:: DATA
(* Let $S$ be a finite $p$-group and $\mathcal{A}$ a divisible $S$-algebra. Then $\mathcal{A}$ has all twisted units if and only if, for all isomorphisms $\varphi:P\to Q$ and $\psi:Q\to R$ of $\mathfrak{F}_S(\mathcal{A})$, every element of $\mathcal{A}(\psi\varphi)$ is of the form $xy$ with $x\in\mathcal{A}(\psi)$ and $y\in\mathcal{A}(\varphi)$ (i.e. the multiplication pairing $\mathcal{A}(\psi)\times\mathcal{A}(\varphi)\to\mathcal{A}(\psi\varphi)$ is surjective).
   Context: $\mathcal{O}$ is a complete local noetherian domain with maximal ideal $\mathfrak{m}$ and algebraically closed residue field of characteristic $p$. An interior $S$-algebra is an $\mathcal{O}$-free finite-rank $\mathcal{O}$-algebra $\mathcal{A}$ with group homomorphism $S\to\mathcal{A}^\times$; $S\times S$ acts by $(s,t)a=sat^{-1}$; it is bifree if it has an $\mathcal{O}$-basis $Y$ with $sY=Y=Ys$ ($s\in S$) on which left and right actions are free. For $P\le S$ and injective $\varphi:P\to S$, ${}^\varphi\mathcal{A}^P=\{a:\varphi(p)a=ap\ \forall p\}$ is the fixed points of $\Delta(\varphi,P)=\{(\varphi(p),p)\}$, and $\mathcal{A}(\varphi)=\mathcal{A}^{\Delta}/(\mathfrak{m}\mathcal{A}^\Delta+\sum_{V<\Delta}\mathrm{tr}_V^\Delta\mathcal{A}^V)$ with $\Delta=\Delta(\varphi,P)$ and quotient map $\mathrm{br}_\varphi$; $\mathcal{A}(P)=\mathcal{A}(\iota_P)$. Multiplication induces $\mathcal{A}(\psi)\times\mathcal{A}(\varphi)\to\mathcal{A}(\psi\varphi)$, $\mathrm{br}_\psi(a)\mathrm{br}_\varphi(c)=\mathrm{br}_{\psi\varphi}(ac)$. $\mathfrak{F}_S(\mathcal{A})$: objects subgroups of $S$, $\mathrm{Hom}(P,Q)=\{\varphi:P\to Q$ injective$:\mathcal{A}(\varphi)\ne0\}$. $\mathcal{A}$ is divisible if it is bifree and $\mathfrak{F}_S(\mathcal{A})$ contains all inclusions, is closed under composition, and every morphism is an inclusion composed with an isomorphism of $\mathfrak{F}_S(\mathcal{A})$. For an isomorphism $\varphi:P\to Q$ of $\mathfrak{F}_S(\mathcal{A})$, a twisted unit of $\varphi$ is $u\in\mathcal{A}(\varphi)$ such that some $u^\dagger\in\mathcal{A}(\varphi^{-1})$ satisfies $u^\dagger u=1_{\mathcal{A}(P)}$; $\mathcal{A}$ has all twisted units if every isomorphism of $\mathfrak{F}_S(\mathcal{A})$ has a twisted unit. *)

From HB Require Import structures.
From mathcomp Require Import all_boot all_order all_algebra all_fingroup all_solvable.
Set Implicit Arguments.
Unset Strict Implicit.
Unset Printing Implicit Defensive.
Import GRing.Theory.
Local Open Scope ring_scope.

Section Coefficients.
Variable O : idomainType.

Definition is_ideal (I : {pred O}) : Prop :=
  [/\ 0 \in I, {in I &, forall x y, x + y \in I} &
      forall r x, x \in I -> r * x \in I].

Definition generated_by (s : seq O) (x : O) : Prop :=
  exists c : 'I_(size s) -> O, x = \sum_(i < size s) c i * s`_i.

Definition noetherian_ring : Prop :=
  forall I : {pred O}, is_ideal I ->
    exists s : seq O, forall x, x \in I <-> generated_by s x.

Definition local_with_max_ideal (m : {pred O}) : Prop :=
  [/\ is_ideal m, 1 \notin m & forall x, x \notin m -> x \is a GRing.unit].

Definition in_ideal_pow (m : {pred O}) (n : nat) (x : O) : Prop :=
  exists s : seq (O * n.-tuple O),
    (forall t, t \in s -> forall i : 'I_n, tnth t.2 i \in m) /\
    x = \sum_(t <- s) t.1 * \prod_(i < n) tnth t.2 i.

Definition madic_complete (m : {pred O}) : Prop :=
  (forall x, (forall n, in_ideal_pow m n x) -> x = 0) /\
  (forall a : nat -> O, (forall n, in_ideal_pow m n (a n.+1 - a n)) ->
     exists l, forall n, in_ideal_pow m n (l - a n)).

Definition residue_alg_closed (m : {pred O}) : Prop :=
  forall f : {poly O}, f \is monic -> (1 < size f)%N ->
    exists a, f.[a] \in m.

Definition residue_char (m : {pred O}) (p : nat) : Prop :=
  prime p /\ (p%:R : O) \in m.

Definition good_coefficients (m : {pred O}) (p : nat) : Prop :=
  [/\ local_with_max_ideal m, noetherian_ring, madic_complete m,
      residue_alg_closed m & residue_char m p].

End Coefficients.

Section Interior.
Variables (O : idomainType) (A : algType O) (gT : finGroupType).

Definition interior_structure (S : {set gT}) (u : gT -> A) : Prop :=
  u 1%g = 1 /\ {in S &, forall s t, u (s * t)%g = u s * u t}.

Definition is_O_basis (Y : seq A) : Prop :=
  (forall a : A, exists c : 'I_(size Y) -> O,
      a = \sum_(i < size Y) c i *: Y`_i) /\
  (forall c : 'I_(size Y) -> O,
      \sum_(i < size Y) c i *: Y`_i = 0 -> forall i, c i = 0).

Definition bifree (S : {set gT}) (u : gT -> A) : Prop :=
  exists Y : seq A,
    [/\ is_O_basis Y,
        forall s, s \in S -> [seq u s * y | y <- Y] =i Y,
        forall s, s \in S -> [seq y * u s | y <- Y] =i Y,
        forall s y, s \in S -> y \in Y -> u s * y = y -> s = 1%g &
        forall s y, s \in S -> y \in Y -> y * u s = y -> s = 1%g].

Variable u : gT -> A.

Definition sact (x : gT * gT) (a : A) : A := u x.1 * a * u (x.2)^-1.

Definition fixedpt (D : {set gT * gT}) (a : A) : Prop :=
  forall x, x \in D -> sact x a = a.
::::
§ WORK INSTRUCTIONS
Retype the records above so that nothing differs from the original.

§ FINAL ANSWER
(* Let $S$ be a finite $p$-group and $\mathcal{A}$ a divisible $S$-algebra. Then $\mathcal{A}$ has all twisted units if and only if, for all isomorphisms $\varphi:P\to Q$ and $\psi:Q\to R$ of $\mathfrak{F}_S(\mathcal{A})$, every element of $\mathcal{A}(\psi\varphi)$ is of the form $xy$ with $x\in\mathcal{A}(\psi)$ and $y\in\mathcal{A}(\varphi)$ (i.e. the multiplication pairing $\mathcal{A}(\psi)\times\mathcal{A}(\varphi)\to\mathcal{A}(\psi\varphi)$ is surjective).
   Context: $\mathcal{O}$ is a complete local noetherian domain with maximal ideal $\mathfrak{m}$ and algebraically closed residue field of characteristic $p$. An interior $S$-algebra is an $\mathcal{O}$-free finite-rank $\mathcal{O}$-algebra $\mathcal{A}$ with group homomorphism $S\to\mathcal{A}^\times$; $S\times S$ acts by $(s,t)a=sat^{-1}$; it is bifree if it has an $\mathcal{O}$-basis $Y$ with $sY=Y=Ys$ ($s\in S$) on which left and right actions are free. For $P\le S$ and injective $\varphi:P\to S$, ${}^\varphi\mathcal{A}^P=\{a:\varphi(p)a=ap\ \forall p\}$ is the fixed points of $\Delta(\varphi,P)=\{(\varphi(p),p)\}$, and $\mathcal{A}(\varphi)=\mathcal{A}^{\Delta}/(\mathfrak{m}\mathcal{A}^\Delta+\sum_{V<\Delta}\mathrm{tr}_V^\Delta\mathcal{A}^V)$ with $\Delta=\Delta(\varphi,P)$ and quotient map $\mathrm{br}_\varphi$; $\mathcal{A}(P)=\mathcal{A}(\iota_P)$. Multiplication induces $\mathcal{A}(\psi)\times\mathcal{A}(\varphi)\to\mathcal{A}(\psi\varphi)$, $\mathrm{br}_\psi(a)\mathrm{br}_\varphi(c)=\mathrm{br}_{\psi\varphi}(ac)$. $\mathfrak{F}_S(\mathcal{A})$: objects subgroups of $S$, $\mathrm{Hom}(P,Q)=\{\varphi:P\to Q$ injective$:\mathcal{A}(\varphi)\ne0\}$. $\mathcal{A}$ is divisible if it is bifree and $\mathfrak{F}_S(\mathcal{A})$ contains all inclusions, is closed under composition, and every morphism is an inclusion composed with an isomorphism of $\mathfrak{F}_S(\mathcal{A})$. For an isomorphism $\varphi:P\to Q$ of $\mathfrak{F}_S(\mathcal{A})$, a twisted unit of $\varphi$ is $u\in\mathcal{A}(\varphi)$ such that some $u^\dagger\in\mathcal{A}(\varphi^{-1})$ satisfies $u^\dagger u=1_{\mathcal{A}(P)}$; $\mathcal{A}$ has all twisted units if every isomorphism of $\mathfrak{F}_S(\mathcal{A})$ has a twisted unit. *)

From HB Require Import structures.
From mathcomp Require Import all_boot all_order all_algebra all_fingroup all_solvable.
Set Implicit Arguments.
Unset Strict Implicit.
Unset Printing Implicit Defensive.
Import GRing.Theory.
Local Open Scope ring_scope.

Section Coefficients.
Variable O : idomainType.

Definition is_ideal (I : {pred O}) : Prop :=
  [/\ 0 \in I, {in I &, forall x y, x + y \in I} &
      forall r x, x \in I -> r * x \in I].

Definition generated_by (s : seq O) (x : O) : Prop :=
  exists c : 'I_(size s) -> O, x = \sum_(i < size s) c i * s`_i.

Definition noetherian_ring : Prop :=
  forall I : {pred O}, is_ideal I ->
    exists s : seq O, forall x, x \in I <-> generated_by s x.

Definition local_with_max_ideal (m : {pred O}) : Prop :=
  [/\ is_ideal m, 1 \notin m & forall x, x \notin m -> x \is a GRing.unit].

Definition in_ideal_pow (m : {pred O}) (n : nat) (x : O) : Prop :=
  exists s : seq (O * n.-tuple O),
    (forall t, t \in s -> forall i : 'I_n, tnth t.2 i \in m) /\
    x = \sum_(t <- s) t.1 * \prod_(i < n) tnth t.2 i.

Definition madic_complete (m : {pred O}) : Prop :=
  (forall x, (forall n, in_ideal_pow m n x) -> x = 0) /\
  (forall a : nat -> O, (forall n, in_ideal_pow m n (a n.+1 - a n)) ->
     exists l, forall n, in_ideal_pow m n (l - a n)).

Definition residue_alg_closed (m : {pred O}) : Prop :=
  forall f : {poly O}, f \is monic -> (1 < size f)%N ->
    exists a, f.[a] \in m.

Definition residue_char (m : {pred O}) (p : nat) : Prop :=
  prime p /\ (p%:R : O) \in m.

Definition good_coefficients (m : {pred O}) (p : nat) : Prop :=
  [/\ local_with_max_ideal m, noetherian_ring, madic_complete m,
      residue_alg_closed m & residue_char m p].

End Coefficients.

Section Interior.
Variables (O : idomainType) (A : algType O) (gT : finGroupType).

Definition interior_structure (S : {set gT}) (u : gT -> A) : Prop :=
  u 1%g = 1 /\ {in S &, forall s t, u (s * t)%g = u s * u t}.

Definition is_O_basis (Y : seq A) : Prop :=
  (forall a : A, exists c : 'I_(size Y) -> O,
      a = \sum_(i < size Y) c i *: Y`_i) /\
  (forall c : 'I_(size Y) -> O,
      \sum_(i < size Y) c i *: Y`_i = 0 -> forall i, c i = 0).

Definition bifree (S : {set gT}) (u : gT -> A) : Prop :=
  exists Y : seq A,
    [/\ is_O_basis Y,
        forall s, s \in S -> [seq u s * y | y <- Y] =i Y,
        forall s, s \in S -> [seq y * u s | y <- Y] =i Y,
        forall s y, s \in S -> y \in Y -> u s * y = y -> s = 1%g &
        forall s y, s \in S -> y \in Y -> y * u s = y -> s = 1%g].

Variable u : gT -> A.

Definition sact (x : gT * gT) (a : A) : A := u x.1 * a * u (x.2)^-1.

Definition fixedpt (D : {set gT * gT}) (a : A) : Prop :=
  forall x, x \in D -> sact x a = a.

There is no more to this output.